Available records>
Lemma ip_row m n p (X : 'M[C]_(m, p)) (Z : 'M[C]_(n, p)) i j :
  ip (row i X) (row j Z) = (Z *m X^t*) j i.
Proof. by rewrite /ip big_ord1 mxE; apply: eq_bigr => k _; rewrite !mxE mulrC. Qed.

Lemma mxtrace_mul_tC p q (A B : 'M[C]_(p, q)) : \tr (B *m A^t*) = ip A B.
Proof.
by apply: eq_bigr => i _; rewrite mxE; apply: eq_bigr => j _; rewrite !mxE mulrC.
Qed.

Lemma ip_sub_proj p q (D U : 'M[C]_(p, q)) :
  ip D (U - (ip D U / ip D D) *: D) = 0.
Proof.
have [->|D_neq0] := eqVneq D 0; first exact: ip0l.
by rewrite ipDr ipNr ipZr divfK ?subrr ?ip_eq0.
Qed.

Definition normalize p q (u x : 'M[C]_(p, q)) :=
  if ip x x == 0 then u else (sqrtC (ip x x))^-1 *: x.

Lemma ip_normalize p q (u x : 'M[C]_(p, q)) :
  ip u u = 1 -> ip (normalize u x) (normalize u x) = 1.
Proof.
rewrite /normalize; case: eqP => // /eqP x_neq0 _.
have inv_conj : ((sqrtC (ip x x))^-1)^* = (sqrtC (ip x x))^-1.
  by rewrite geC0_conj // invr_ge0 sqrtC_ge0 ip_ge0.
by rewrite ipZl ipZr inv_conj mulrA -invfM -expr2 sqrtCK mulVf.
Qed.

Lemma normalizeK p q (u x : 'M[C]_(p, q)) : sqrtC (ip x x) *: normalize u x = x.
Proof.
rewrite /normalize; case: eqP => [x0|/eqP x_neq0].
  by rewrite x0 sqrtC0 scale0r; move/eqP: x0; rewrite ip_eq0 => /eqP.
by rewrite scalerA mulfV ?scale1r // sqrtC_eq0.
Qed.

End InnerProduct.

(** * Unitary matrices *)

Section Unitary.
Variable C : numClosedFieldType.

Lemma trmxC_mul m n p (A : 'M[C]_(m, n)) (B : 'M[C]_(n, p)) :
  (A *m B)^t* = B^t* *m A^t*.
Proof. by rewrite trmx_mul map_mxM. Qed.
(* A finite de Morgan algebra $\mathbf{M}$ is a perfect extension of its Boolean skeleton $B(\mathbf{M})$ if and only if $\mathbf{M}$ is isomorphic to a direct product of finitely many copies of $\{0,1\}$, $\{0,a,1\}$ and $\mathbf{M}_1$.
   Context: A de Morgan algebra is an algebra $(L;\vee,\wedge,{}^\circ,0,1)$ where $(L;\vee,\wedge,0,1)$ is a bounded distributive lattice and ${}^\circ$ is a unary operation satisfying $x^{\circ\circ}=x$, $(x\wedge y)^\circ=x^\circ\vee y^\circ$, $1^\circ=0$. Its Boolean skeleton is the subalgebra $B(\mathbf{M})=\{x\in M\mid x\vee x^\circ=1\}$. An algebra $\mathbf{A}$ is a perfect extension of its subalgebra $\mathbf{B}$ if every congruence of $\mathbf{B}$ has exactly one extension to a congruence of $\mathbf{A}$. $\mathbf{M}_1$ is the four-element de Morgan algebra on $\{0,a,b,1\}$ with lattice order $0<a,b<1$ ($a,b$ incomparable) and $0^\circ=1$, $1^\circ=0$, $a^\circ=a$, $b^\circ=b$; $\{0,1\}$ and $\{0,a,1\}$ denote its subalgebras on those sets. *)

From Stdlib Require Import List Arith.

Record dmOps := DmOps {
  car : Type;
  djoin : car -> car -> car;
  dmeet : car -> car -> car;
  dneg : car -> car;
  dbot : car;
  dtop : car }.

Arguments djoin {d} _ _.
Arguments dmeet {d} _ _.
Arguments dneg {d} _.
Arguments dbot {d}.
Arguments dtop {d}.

--

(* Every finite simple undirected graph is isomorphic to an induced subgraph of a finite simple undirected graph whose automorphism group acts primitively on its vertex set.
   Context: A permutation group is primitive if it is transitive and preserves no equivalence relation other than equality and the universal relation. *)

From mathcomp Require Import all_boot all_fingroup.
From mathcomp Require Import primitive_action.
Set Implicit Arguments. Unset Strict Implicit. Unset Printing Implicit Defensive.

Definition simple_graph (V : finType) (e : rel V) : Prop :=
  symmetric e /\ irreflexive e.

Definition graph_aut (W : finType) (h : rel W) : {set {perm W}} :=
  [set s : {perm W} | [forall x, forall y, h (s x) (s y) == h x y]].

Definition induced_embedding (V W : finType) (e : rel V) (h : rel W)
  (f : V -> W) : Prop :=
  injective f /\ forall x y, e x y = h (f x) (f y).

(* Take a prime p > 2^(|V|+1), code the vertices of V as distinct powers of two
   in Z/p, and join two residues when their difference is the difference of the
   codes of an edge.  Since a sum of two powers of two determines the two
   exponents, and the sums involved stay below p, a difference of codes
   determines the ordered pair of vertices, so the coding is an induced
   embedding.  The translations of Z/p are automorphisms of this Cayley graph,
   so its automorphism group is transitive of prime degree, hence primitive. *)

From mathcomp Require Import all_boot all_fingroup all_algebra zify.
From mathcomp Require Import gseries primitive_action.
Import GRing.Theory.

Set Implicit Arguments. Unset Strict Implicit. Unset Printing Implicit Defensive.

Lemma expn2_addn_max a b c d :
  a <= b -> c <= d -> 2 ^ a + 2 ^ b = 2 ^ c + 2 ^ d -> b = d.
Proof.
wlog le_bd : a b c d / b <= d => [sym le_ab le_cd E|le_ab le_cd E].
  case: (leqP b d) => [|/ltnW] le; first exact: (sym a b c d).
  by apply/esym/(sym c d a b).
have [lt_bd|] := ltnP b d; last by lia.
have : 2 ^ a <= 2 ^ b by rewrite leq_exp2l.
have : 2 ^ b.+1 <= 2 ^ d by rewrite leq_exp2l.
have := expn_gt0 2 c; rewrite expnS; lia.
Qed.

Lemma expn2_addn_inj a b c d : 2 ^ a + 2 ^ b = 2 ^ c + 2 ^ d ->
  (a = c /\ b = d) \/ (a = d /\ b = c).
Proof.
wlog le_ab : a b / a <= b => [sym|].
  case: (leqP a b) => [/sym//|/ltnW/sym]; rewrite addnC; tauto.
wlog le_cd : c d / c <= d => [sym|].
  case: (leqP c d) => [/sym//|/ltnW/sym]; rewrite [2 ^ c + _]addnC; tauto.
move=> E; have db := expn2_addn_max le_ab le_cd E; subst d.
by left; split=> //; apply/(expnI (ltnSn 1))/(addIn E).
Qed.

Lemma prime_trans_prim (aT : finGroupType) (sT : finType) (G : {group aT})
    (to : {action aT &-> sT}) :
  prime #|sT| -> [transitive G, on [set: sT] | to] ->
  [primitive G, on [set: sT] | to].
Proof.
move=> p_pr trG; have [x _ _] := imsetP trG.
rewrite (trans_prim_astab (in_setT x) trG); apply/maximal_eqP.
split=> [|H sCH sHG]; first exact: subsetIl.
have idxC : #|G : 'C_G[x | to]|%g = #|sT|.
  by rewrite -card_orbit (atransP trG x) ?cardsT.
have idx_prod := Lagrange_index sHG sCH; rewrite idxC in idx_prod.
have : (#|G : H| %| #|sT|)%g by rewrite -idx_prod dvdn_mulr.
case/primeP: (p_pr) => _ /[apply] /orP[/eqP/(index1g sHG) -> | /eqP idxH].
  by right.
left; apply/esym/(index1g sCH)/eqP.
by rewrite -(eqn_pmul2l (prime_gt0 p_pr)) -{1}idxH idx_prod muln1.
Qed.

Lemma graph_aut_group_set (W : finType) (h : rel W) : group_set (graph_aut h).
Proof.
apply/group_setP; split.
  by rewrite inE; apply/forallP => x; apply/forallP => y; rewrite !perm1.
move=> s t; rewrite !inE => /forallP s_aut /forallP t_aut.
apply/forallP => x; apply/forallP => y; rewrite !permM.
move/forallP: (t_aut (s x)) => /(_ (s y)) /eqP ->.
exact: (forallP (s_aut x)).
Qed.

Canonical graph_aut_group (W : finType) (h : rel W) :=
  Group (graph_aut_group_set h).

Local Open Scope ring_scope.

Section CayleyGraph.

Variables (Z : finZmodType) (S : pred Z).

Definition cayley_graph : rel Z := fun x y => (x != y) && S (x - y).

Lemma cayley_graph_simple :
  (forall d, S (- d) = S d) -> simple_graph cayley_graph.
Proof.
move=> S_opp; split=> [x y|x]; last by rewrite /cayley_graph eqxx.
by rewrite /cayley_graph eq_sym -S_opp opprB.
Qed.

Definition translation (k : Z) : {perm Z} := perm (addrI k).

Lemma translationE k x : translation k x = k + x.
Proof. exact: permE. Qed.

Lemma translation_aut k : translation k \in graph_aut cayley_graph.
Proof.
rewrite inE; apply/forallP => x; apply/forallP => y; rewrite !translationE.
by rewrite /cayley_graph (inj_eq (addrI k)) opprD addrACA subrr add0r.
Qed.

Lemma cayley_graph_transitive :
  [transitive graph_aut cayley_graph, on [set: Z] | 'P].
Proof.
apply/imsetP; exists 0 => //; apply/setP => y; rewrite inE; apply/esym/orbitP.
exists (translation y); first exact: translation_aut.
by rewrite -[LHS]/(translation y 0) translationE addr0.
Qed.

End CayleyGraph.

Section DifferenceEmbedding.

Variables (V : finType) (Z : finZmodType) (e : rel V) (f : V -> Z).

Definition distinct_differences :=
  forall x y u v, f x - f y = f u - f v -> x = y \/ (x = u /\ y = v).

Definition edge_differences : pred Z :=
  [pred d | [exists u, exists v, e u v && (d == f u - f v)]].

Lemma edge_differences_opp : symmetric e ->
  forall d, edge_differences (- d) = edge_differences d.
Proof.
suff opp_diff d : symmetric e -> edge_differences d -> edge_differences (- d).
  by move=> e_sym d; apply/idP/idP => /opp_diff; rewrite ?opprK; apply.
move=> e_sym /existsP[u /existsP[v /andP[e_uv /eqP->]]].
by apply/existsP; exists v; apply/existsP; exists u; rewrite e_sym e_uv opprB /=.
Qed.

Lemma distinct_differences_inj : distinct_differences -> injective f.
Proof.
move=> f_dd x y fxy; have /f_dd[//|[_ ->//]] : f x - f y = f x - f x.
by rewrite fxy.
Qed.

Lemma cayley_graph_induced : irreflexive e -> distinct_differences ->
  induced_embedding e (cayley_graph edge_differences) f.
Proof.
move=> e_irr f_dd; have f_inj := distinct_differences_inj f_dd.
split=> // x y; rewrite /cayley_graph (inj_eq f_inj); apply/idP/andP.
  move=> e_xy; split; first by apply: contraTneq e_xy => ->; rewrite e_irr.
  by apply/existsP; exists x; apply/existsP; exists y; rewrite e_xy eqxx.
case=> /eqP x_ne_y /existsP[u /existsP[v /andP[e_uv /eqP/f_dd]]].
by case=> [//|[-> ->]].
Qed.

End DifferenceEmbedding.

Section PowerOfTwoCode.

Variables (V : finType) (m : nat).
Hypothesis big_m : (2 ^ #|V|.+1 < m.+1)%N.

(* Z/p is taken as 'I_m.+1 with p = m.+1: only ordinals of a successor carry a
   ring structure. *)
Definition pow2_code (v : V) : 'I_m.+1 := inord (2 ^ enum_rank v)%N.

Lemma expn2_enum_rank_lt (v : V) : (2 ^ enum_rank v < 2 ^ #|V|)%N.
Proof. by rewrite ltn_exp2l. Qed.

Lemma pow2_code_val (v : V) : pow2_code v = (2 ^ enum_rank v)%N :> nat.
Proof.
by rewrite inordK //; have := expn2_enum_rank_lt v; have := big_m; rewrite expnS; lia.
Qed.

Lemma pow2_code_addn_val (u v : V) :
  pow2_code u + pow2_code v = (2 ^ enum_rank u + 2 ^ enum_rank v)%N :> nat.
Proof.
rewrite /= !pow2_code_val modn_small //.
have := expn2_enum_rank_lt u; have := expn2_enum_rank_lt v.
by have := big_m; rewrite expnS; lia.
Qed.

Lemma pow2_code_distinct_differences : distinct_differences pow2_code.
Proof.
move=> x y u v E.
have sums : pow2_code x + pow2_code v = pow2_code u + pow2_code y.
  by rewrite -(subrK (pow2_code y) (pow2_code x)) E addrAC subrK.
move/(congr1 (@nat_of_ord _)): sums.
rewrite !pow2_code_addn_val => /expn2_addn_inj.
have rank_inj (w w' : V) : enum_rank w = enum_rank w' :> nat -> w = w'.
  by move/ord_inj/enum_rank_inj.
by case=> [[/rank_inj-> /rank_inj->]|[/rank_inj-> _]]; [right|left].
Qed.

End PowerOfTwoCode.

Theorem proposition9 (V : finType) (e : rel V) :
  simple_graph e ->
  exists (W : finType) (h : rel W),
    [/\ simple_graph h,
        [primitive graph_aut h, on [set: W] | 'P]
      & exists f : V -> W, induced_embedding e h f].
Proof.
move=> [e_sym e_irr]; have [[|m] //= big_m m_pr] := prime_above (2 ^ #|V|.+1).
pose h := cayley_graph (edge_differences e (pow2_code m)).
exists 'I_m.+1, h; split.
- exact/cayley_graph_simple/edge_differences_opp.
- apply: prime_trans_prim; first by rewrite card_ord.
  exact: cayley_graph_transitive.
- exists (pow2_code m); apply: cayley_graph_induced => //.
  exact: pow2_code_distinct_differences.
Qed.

==

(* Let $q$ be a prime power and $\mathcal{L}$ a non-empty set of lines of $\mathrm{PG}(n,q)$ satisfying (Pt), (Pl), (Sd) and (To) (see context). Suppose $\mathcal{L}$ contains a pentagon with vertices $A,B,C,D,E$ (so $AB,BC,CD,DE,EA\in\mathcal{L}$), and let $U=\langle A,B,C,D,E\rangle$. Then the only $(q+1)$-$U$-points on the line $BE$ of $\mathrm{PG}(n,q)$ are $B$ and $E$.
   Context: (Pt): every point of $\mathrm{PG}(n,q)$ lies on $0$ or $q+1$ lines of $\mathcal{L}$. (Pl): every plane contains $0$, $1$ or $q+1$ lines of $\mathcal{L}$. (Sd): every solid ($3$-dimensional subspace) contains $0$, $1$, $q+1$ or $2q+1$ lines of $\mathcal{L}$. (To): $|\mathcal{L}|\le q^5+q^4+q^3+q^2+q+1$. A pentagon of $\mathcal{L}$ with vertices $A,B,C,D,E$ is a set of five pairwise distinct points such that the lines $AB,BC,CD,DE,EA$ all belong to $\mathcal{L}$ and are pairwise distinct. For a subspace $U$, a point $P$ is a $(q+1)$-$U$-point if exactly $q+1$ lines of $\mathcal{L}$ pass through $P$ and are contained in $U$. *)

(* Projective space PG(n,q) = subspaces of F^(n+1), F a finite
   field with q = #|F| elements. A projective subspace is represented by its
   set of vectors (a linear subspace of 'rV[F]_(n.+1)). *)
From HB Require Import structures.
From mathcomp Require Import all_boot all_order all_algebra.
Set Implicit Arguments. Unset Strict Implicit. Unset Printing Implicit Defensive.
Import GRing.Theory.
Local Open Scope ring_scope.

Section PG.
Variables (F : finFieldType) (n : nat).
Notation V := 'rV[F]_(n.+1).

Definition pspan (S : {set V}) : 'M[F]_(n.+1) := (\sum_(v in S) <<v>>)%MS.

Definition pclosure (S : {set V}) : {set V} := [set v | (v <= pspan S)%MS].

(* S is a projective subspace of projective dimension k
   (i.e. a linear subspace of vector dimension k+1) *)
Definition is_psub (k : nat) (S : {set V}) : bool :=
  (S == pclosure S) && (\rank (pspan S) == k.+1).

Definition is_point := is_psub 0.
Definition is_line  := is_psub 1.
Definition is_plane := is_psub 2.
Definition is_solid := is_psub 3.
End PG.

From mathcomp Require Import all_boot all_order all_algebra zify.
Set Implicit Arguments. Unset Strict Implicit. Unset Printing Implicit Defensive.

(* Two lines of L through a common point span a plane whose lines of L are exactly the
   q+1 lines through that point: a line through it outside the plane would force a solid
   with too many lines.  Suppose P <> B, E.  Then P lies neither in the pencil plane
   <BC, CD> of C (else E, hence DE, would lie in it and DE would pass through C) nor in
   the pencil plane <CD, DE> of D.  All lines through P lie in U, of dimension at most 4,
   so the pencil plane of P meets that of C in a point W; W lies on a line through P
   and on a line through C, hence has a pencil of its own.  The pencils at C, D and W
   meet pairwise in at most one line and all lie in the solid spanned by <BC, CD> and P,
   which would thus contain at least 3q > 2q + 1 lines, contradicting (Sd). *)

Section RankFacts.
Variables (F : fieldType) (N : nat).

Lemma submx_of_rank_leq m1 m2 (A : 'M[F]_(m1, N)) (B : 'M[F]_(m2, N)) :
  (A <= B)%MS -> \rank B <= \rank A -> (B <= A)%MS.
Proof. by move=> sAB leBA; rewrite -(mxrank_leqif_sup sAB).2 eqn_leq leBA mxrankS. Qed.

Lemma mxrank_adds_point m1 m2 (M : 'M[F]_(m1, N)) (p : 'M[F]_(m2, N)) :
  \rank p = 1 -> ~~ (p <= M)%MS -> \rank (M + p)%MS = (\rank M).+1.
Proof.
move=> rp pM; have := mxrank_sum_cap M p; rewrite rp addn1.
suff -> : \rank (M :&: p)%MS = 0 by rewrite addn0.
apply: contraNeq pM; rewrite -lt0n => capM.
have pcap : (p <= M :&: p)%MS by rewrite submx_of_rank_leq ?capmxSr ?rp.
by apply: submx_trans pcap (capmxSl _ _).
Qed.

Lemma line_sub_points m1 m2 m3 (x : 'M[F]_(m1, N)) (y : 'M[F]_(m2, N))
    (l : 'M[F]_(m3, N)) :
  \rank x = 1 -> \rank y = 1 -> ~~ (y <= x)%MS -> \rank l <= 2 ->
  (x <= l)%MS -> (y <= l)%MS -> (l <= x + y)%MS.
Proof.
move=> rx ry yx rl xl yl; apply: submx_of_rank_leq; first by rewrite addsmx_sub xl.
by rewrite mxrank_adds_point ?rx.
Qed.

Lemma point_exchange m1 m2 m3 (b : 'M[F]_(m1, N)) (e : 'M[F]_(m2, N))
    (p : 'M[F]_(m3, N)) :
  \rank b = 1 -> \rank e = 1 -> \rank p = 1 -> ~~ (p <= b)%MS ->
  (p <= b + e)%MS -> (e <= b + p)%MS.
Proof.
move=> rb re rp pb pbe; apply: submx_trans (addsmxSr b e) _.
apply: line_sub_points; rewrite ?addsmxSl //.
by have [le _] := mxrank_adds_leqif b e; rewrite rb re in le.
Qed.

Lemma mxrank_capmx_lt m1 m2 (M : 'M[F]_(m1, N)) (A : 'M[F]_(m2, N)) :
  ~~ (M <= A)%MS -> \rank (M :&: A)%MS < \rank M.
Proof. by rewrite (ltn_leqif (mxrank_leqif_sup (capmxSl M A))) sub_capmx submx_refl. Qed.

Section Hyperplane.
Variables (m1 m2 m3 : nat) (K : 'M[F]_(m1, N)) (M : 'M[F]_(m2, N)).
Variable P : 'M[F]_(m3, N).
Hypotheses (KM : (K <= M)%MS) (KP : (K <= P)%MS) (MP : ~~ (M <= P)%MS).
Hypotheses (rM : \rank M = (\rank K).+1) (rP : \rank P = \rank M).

What is being asked>
In the data above, find the line that contains "Section PowerOfTwoCode." and the line that contains "Definition pow2_code (v". Repeat exactly those lines and every line between them, and only those.

Task output>
Section PowerOfTwoCode.

Variables (V : finType) (m : nat).
Hypothesis big_m : (2 ^ #|V|.+1 < m.+1)%N.

(* Z/p is taken as 'I_m.+1 with p = m.+1: only ordinals of a successor carry a
   ring structure. *)
Definition pow2_code (v : V) : 'I_m.+1 := inord (2 ^ enum_rank v)%N.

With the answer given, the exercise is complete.